#### Activity
Only the lines below, from the one with "literally as (cycles)/(boundaries)" through the one with "Set Implicit Arguments. Unset", are to be written out, exactly.

[Start of Attachment]

(* Let $\mathbf{k}$ be a field, $\Gamma$ a $(d-1)$-dimensional simplicial complex with $n$ vertices, and $F$ a face of $\Gamma$ such that $\mathrm{lk}_\Gamma(F)$ has dimension $d'$ and $n'$ vertices. Then for every $1\le i\le n'-d'$ for which $M_i(\mathrm{lk}_\Gamma(F))$ is defined, $M_i(\mathrm{lk}_\Gamma(F))\le M_i(\Gamma)$.
   Context: A simplicial complex is a family of subsets of its vertex set closed under subsets containing all singletons. $\mathrm{lk}_\Gamma(F)=\{G\setminus F:F\subseteq G\in\Gamma\}$, regarded as a complex on its own vertex set. For a complex $\Delta$ with vertex set $V$, $M_i(\Delta)=\max\{|W|:W\subseteq V,\ \tilde H_{|W|-i-1}(\Delta[W];\mathbf{k})\ne0\}$ (the maximal degree shift of the $i$-th module in the minimal free resolution of the Stanley–Reisner ring), defined when this set is nonempty; $\Delta[W]$ is the induced subcomplex. *)

(* Simplicial complexes as families of finite sets over a
   finite vertex type T; reduced simplicial homology over a field k defined
   literally as (cycles)/(boundaries) of the augmented oriented chain complex. *)
From HB Require Import structures.
From mathcomp Require Import all_boot all_order all_algebra.
Set Implicit Arguments. Unset Strict Implicit. Unset Printing Implicit Defensive.
Import Order.TTheory GRing.Theory Num.Theory.
Local Open Scope ring_scope.

Section Complexes.
Variable T : finType.

Definition is_complex (D : {set {set T}}) : Prop :=
  set0 \in D /\ forall s t : {set T}, s \in D -> t \subset s -> t \in D.
Definition markov_chain (dO : measure_display) (Omega : measurableType dO)
  (P : probability Omega R) (Zc : nat -> Omega -> Z)
  (K : Z -> probability Z R) : Prop :=
  [/\ (forall i, measurable_fun setT (Zc i)),
      (forall A, measurable A -> measurable_fun [set: Z] ((fun z => K z A) : Z -> \bar R)) &
      (forall (A : nat -> set Z) (k : nat), (forall j, measurable (A j)) ->
         P (\bigcap_(j < k.+2) (Zc j @^-1` A j)) =
         (\int[P]_(w in \bigcap_(j < k.+1) (Zc j @^-1` A j)) K (Zc k w) (A k.+1))%E)].

Definition nstep_transitions (K : Z -> probability Z R)
  (Kn : nat -> Z -> probability Z R) : Prop :=
  (forall z A, measurable A -> Kn 1%N z A = K z A) /\
  (forall n z A, measurable A ->
     Kn n.+1 z A = (\int[Kn n z]_y K y A)%E).

Definition stationary (K : Z -> probability Z R) (pi : probability Z R) : Prop :=
  forall A, measurable A -> pi A = (\int[pi]_z K z A)%E.

Definition V_geom_ergodic (K : Z -> probability Z R) (pi : probability Z R)
  (Zs : set Z) (V : Z -> R) (gamma rho B : R) : Prop :=
  [/\ measurable_fun Zs V, (forall z, Zs z -> 1 <= V z), rho < 1,
      (exists Kn, nstep_transitions K Kn /\
         forall z, Zs z -> forall n, (0 < n)%N ->
           (tv_dist (Kn n z) pi <= (gamma * rho ^+ n * V z)%:E)%E) &
      (\int[pi]_(z in Zs) (V z)%:E < B%:E)%E].

End Markov.

Definition exp_loss (R : realType) (d : nat) (pi : probability (Zsp R d) R)
  (Zs : set (Zsp R d)) (h : 'rV[R]_d -> R) : R :=
  fine (\int[pi]_(z in Zs) (`|h z.1 - z.2|)%:E)%E.

Definition emp_loss (R : realType) (d : nat) (n : nat) (xs : nat -> 'rV[R]_d)
  (ys : nat -> R) (h : 'rV[R]_d -> R) : R :=
  n%:R^-1 * \sum_(i < n) `|h (xs i) - ys i|.

Definition eff_size (R : realType) (n : nat) (rho : R) : int :=
  Num.floor ((n%:R / (Num.ceil (Num.sqrt (8 * n%:R / ln rho^-1)))%:~R) : R).

Definition gamma_star (R : realType) (dH : measure_display)
  (HT : measurableType dH) (mu : probability HT R) (lossH : HT -> R) : R :=
  fine (ereal_inf [set t%:E | t in [set t | (0 < mu [set th | (lossH th <= t)%R])%E]]).

Definition Vprior (R : realType) (dH : measure_display)
  (HT : measurableType dH) (mu : probability HT R) (lossH : HT -> R) (eps : R) : R :=
  fine (mu [set th | lossH th <= gamma_star mu lossH + eps]).

Definition bwa_weight (R : realType) (alpha : R) (n : nat) (lS : R) : R :=
  alpha `^ (n%:R * lS).

Definition bwa_post (R : realType) (dH : measure_display)
  (HT : measurableType dH) (mu : probability HT R) (alpha : R) (n : nat)
  (lS : HT -> R) (th : HT) : R :=
  bwa_weight alpha n (lS th) /
  fine (\int[mu]_t (bwa_weight alpha n (lS t))%:E)%E.

From HB Require Import structures.
From mathcomp Require Import all_boot all_order all_algebra.
From mathcomp Require Import all_classical all_reals all_analysis.
From mathcomp Require Import measurable_realfun.
From mathcomp Require Import ring lra.
Import Order.TTheory GRing.Theory Num.Theory.
Import numFieldNormedType.Exports.

Set Implicit Arguments.
Unset Strict Implicit.
Unset Printing Implicit Defensive.
Local Open Scope classical_set_scope.
Local Open Scope ring_scope.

[End of Attachment]

#### Exercise result
   literally as (cycles)/(boundaries) of the augmented oriented chain complex. *)
From HB Require Import structures.
From mathcomp Require Import all_boot all_order all_algebra.
Set Implicit Arguments. Unset Strict Implicit. Unset Printing Implicit Defensive.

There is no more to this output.